Items from a data source:
====================

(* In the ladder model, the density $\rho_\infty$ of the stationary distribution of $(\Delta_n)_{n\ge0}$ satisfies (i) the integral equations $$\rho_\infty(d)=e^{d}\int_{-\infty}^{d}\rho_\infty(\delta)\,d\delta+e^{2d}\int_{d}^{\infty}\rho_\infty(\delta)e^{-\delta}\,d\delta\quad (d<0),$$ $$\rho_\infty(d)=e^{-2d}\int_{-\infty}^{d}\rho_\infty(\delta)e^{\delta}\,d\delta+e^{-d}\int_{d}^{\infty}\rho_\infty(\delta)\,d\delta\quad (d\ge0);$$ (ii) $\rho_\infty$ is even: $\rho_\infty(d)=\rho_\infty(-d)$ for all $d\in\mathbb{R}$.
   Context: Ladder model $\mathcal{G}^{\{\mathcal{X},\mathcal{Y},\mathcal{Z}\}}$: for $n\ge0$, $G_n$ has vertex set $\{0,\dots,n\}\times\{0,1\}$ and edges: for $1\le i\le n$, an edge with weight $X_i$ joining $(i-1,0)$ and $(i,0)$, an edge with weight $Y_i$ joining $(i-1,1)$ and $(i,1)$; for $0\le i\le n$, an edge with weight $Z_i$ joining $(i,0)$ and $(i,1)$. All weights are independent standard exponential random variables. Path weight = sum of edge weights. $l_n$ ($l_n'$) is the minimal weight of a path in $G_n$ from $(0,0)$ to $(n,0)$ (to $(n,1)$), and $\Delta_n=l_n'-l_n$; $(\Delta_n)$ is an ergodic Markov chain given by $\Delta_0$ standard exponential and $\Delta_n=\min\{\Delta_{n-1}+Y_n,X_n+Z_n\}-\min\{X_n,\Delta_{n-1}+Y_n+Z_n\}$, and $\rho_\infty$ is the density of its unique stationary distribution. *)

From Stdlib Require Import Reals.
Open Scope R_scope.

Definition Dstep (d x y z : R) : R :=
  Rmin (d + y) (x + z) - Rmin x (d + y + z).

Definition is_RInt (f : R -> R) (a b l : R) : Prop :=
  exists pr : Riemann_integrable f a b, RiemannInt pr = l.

====================

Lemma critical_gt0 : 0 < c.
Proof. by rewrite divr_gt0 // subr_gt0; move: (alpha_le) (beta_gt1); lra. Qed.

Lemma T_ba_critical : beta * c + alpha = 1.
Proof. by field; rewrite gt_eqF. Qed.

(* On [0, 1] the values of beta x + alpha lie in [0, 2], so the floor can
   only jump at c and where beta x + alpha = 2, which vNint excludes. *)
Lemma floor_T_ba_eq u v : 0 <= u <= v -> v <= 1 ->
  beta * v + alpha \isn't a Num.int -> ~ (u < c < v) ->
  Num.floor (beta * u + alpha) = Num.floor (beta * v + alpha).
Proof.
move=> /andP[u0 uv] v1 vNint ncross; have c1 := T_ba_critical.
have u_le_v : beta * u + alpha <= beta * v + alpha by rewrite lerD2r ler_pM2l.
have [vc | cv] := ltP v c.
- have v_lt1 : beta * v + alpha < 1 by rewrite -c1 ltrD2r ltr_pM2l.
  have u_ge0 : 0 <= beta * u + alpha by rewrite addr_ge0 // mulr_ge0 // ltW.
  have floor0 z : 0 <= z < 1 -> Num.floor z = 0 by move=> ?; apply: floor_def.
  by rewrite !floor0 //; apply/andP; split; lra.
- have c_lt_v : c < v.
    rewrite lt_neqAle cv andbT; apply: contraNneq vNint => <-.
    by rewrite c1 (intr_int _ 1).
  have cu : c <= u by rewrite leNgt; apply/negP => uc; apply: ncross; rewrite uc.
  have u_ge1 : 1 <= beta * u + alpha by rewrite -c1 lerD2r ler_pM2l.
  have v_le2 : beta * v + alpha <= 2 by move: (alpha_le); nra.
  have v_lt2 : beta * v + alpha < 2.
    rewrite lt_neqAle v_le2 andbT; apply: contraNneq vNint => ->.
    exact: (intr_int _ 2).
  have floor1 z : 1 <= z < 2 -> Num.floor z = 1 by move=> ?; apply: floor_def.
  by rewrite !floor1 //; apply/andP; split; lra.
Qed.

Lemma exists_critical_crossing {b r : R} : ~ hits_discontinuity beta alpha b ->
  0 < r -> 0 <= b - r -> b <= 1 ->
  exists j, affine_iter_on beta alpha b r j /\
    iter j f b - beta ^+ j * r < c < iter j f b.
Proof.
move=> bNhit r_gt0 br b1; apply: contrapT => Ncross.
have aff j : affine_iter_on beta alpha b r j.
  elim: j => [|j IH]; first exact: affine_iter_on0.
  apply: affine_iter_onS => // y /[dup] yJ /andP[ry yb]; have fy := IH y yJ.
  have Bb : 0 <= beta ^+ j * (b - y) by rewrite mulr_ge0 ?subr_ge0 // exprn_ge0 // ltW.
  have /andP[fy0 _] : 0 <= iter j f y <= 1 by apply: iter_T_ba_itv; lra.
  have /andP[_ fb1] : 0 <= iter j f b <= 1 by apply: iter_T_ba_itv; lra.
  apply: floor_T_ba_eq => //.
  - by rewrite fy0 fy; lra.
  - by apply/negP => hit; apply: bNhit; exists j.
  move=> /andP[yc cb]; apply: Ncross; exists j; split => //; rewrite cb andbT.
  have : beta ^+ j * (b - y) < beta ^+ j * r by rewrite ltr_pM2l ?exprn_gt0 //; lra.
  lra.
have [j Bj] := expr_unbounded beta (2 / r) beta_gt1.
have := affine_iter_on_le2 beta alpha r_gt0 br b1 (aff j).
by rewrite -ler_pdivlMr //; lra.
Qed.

====================

Activity: The expected answer is each line of the records above that includes the string "andP".

Response below:
move=> /andP[u0 uv] v1 vNint ncross; have c1 := T_ba_critical.
  by rewrite !floor0 //; apply/andP; split; lra.
  by rewrite !floor1 //; apply/andP; split; lra.
  apply: affine_iter_onS => // y /[dup] yJ /andP[ry yb]; have fy := IH y yJ.
  have /andP[fy0 _] : 0 <= iter j f y <= 1 by apply: iter_T_ba_itv; lra.
  have /andP[_ fb1] : 0 <= iter j f b <= 1 by apply: iter_T_ba_itv; lra.
  move=> /andP[yc cb]; apply: Ncross; exists j; split => //; rewrite cb andbT.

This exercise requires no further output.